Each of the primitive descriptor files specifies the fully qualified class name for the Java implementation of the annotator.

There are three annotators in this sample. (XML files with names starting “primitiveAeDescriptor”).

Each one is implemented by a Java class that extends JCasAnnotator_ImplBase.

Each uses a regular expression to find things to annotate in the text. This isn’t intended to be an indication that this is how things should be done, just that it makes for a simple and stateless demonstration without any additional dependencies.

The simplest is the regex used to find capitalised words in WordCaseAnnotator and the most complex is the ridiculously painful one used to find email addresses in EmailAnnotator.

Note that the regexes are prepared in the annotator initializer, and reused for each new CAS to process, to improve performance.

UIMA pipeline

The UIMA pipeline is defined in a single Java class.

It finds the XML descriptor for the pipeline by looking in the location where BlueMix will unpack the war.

It creates a CAS pool to make it easier to handle multiple concurrent requests, and avoid the overhead of creating a CAS for every request.

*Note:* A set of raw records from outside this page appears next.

(* [Poff] picks one ordering of the move; the moves from [x] to [y] are exactly
   that ordering and its swap, which have the same weight. *)
Lemma Poff_moves x y : Poff R x y = (\sum_(q | is_move x y q) weight x q) / n%:R ^+ 2.
Proof.
rewrite /Poff; case: pickP => [q hq | nomove]; last by rewrite big_pred0 ?mul0r.
have hsw := move_swapq hq.
have swap_neq : swapq q != q.
  by case: q hq {hsw} => [[[i1 j1] i2] j2] /and3P[hi _ _]; apply: contra hi => /eqP[->].
rewrite (bigD1 q) // (bigD1 (swapq q)) /=; last by rewrite hsw swap_neq.
rewrite big_pred0 => [|q']; last first.
  by apply/negP => /andP[/andP[/(move_quads hq)[]-> ]]; rewrite ?eqxx ?andbF.
case: q {hq hsw swap_neq} => [[[i1 j1] i2] j2].
by rewrite /weight /ent /cell1 /cell2 /= addr0; ring.
Qed.

Lemma sum_Poff x (g : table -> R) : in_T lam mu x ->
  \sum_(y | in_T lam mu y && (y != x)) Poff R x y * g y =
  (\sum_(q | movable x q) weight x q * g (do_move x q)) / n%:R ^+ 2.
Proof.
move=> hx; rewrite mulr_suml (partition_big (do_move x) (fun y => in_T lam mu y && (y != x))).
  apply: eq_bigr => y _; rewrite Poff_moves !mulr_suml.
  have do_moveE q : is_move x y q -> do_move x q = y.
    by move=> hm; apply: (move_target_unique _ hm); exact: do_move_is_move (is_move_movable hm).
  apply: eq_big => [q | q /do_moveE ->]; last by rewrite mulrAC.
  apply/idP/andP => [hm | [hq /eqP <-]]; last exact: do_move_is_move.
  by rewrite (is_move_movable hm) do_moveE.
by move=> q hq; rewrite do_move_in_T ?do_move_neq.
Qed.

Lemma Ptrans_drift x F : in_T lam mu x ->
  \sum_(y | in_T lam mu y) Ptrans R lam mu x y * F (ent y) =
  F (ent x) + drift x F / n%:R ^+ 2.
Proof.
move=> hx; rewrite sum_Ptrans // sum_Poff // -drift_movable.
congr (_ + _ / _); apply: eq_bigr => q hq.
by rewrite (functional_extensionality _ _ (fun c => ent_do_move c hx hq)).
Qed.

Lemma eigen_of_drift (F : (cell -> R) -> R) (f : table -> R) : (0 < n)%N ->
  (forall x, in_T lam mu x -> drift x F = (4 - 4 * n%:R) * F (ent x)) ->
  (forall y, f y = F (ent y)) ->
  is_eigenfunction lam mu f (1 - 4 / n%:R + 4 / n%:R ^+ 2).
Proof.
move=> n_gt0 hdrift hf x hx; under eq_bigr do rewrite hf.
rewrite Ptrans_drift // hdrift // hf; field.
by rewrite pnatr_eq0 -lt0n.
Qed.

Lemma mass_rect x oa ob : in_T lam mu x ->
  mass x (rect oa ob) = match oa, ob with
                        | Some a, Some b => ent x (a, b)
                        | Some a, None => (lam a)%:R
                        | None, Some b => (mu b)%:R
                        | None, None => n%:R
                        end.
Proof.
move=> hx; have [hr hc] := in_TP x hx.
rewrite /mass sum_cell.
under eq_bigr => a _ do under eq_bigr => b _ do rewrite /rect /= mulrCA (mulrC (ent x _)).
under eq_bigr => a _ do rewrite -mulr_sumr sum_ind.
rewrite sum_ind; case: oa ob => [a|] [b|];
  [by [] | exact: hr | exact: hc | by rewrite -sum_cell sum_ent].
Qed.
Lemma feasible_walk l i j : (1 <= l <= L)%N -> i != j -> w l i j != 0 ->
  exists2 k, (k <= l)%N & reach T k i j.
Proof.
elim: l i j => [|l IHl] i j hl //.
wlog ij : i j / (i < j)%N => [wlog_ij|] ne_ij.
  have [lt|gt|/val_inj eq] := ltngtP i j; first exact: wlog_ij.
    rewrite feasible_w_sym // => /(wlog_ij j i gt); rewrite eq_sym => /(_ ne_ij).
    by case=> k kl r; exists k; rewrite // reach_sym //; apply: feasible_x_edges_sym.
  by rewrite eq eqxx in ne_ij.
move=> nz; have w_gt0 : 0 < w l.+1 i j by rewrite lt_def nz feasible_w_ge0.
have edge : e i j -> x i j != 0 -> exists2 k, (k <= l.+1)%N & reach T k i j.
  by move=> eij xij; exists 1%N; rewrite // reach1 feasible_edge.
case: l IHl hl nz w_gt0 edge => [|l] IHl hl nz w_gt0 edge.
  by move: nz; rewrite feasible_w1 //; case: ifP => [eij|]; [apply: edge|rewrite eqxx].
have [k /and3P[eik kj nzk]|none] :=
  pickP (fun k => [&& e i k, k != j & x i k * w l.+1 k j != 0]).
  rewrite mulf_eq0 negb_or in nzk; case/andP: nzk => xik wkj.
  have [|d dl rd] := IHl k j _ kj wkj; first by case/andP: hl => _ /ltnW.
  by exists d.+1 => //; apply/existsP; exists k; rewrite feasible_edge.
have := @feasible_w_le_next l.+2 i j hl ij.
rewrite big1 ?addr0 => [|k /andP[eik kj]]; last first.
  by apply/eqP; have := none k; rewrite eik kj => /negbFE.
case: ifP => [eij wx|_]; last by rewrite leNgt w_gt0.
by apply: edge => //; rewrite gt_eqF // (lt_le_trans w_gt0 wx).
Qed.

Lemma feasible_tdist_le l i j : (1 <= l <= L)%N -> i != j -> w l i j != 0 ->
  (tdist T i j <= l)%N.
Proof. by move=> hl ij /(feasible_walk hl ij)[k kl /tdist_min/leq_trans]; apply. Qed.

Lemma feasible_w_le_step l i j : (1 <= l <= L)%N -> i != j ->
  w l i j <= (tdist T i j <= l)%N%:R.
Proof.
move=> hl ij; have [_|ld] := leqP; first exact: feasible_w_le1.
suff -> : w l i j = 0 by [].
by apply/eqP; apply: contraTT ld => /(feasible_tdist_le hl ij); rewrite -leqNgt.
Qed.

Lemma feasible_reach_L i j : i != j -> exists2 k, (k <= L)%N & reach T k i j.
Proof.
move=> ij; apply: (feasible_walk _ ij); first by rewrite L_gt0 leqnn.
by rewrite feasible_wL // oner_neq0.
Qed.

Lemma feasible_tdist_le_L i j : i != j -> (tdist T i j <= L)%N.
Proof. by case/feasible_reach_L=> k kL /tdist_min/leq_trans; apply. Qed.

Lemma feasible_admissible :
  (\sum_i delta i)%N = (2 * (n - 1))%N -> admissible e delta T.
Proof.
move=> delta_sum.
have deg i : tdeg T i = delta i.
  apply/eqP; rewrite -(eqr_nat R) -sum_x_edges => [|j]; last exact: feasible_x_bin.
  by case: feas => _ [_ [_ [_ [_ [_ [_ ->]]]]]].
split=> //; split=> [i j /andP[]//||i j|].
- exact: feasible_x_edges_sym.
- have [<-|/feasible_reach_L[k _ /reach_connect //]] := eqVneq i j.
  exact: connect0.
- by rewrite card_rel_pairs -delta_sum; apply: eq_bigr.
Qed.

Once the pipeline is initialised, it is ready to handle incoming analysis requests.

Once the CAS has passed through the pipeline, the annotations are immediately copied out of the CAS into a POJO, so that the CAS can be returned to the pool.

REST API

The war file deployed to BlueMix contains a web.xml which specifies the servlet that implements the REST API.

I’m using Wink to implement the API. The servlet definition in the web.xml specifies where to find the list of API endpoints and the URL where the API should be.

The list of API endpoints is a list of classes that Wink uses. There is only one API endpoint, so only one class listed.

The API implementation is a very thin wrapper around the Pipeline class.

Everything is defined using annotations, and Wink handles turning the response into a JSON payload.

That’s it

I think that’s pretty much it.

I’ve added a simple front-end webpage, with a script to submit API requests for people who don’t want to do it with something like curl.

It’s live at uimahelloworld.mybluemix.net.

Like I said, it’s very simple. The Java itself isn’t particularly complex. My reason for sharing it was to provide a boilerplate config for defining a UIMA analytics pipeline, wrapping it in a REST API, and deploying it to BlueMix.

Once you’ve got that working, you can do text analytics in BlueMix as complex as whatever you can dream up for your annotators.

When I get time, I’ll write a follow-up post sharing what that could look like.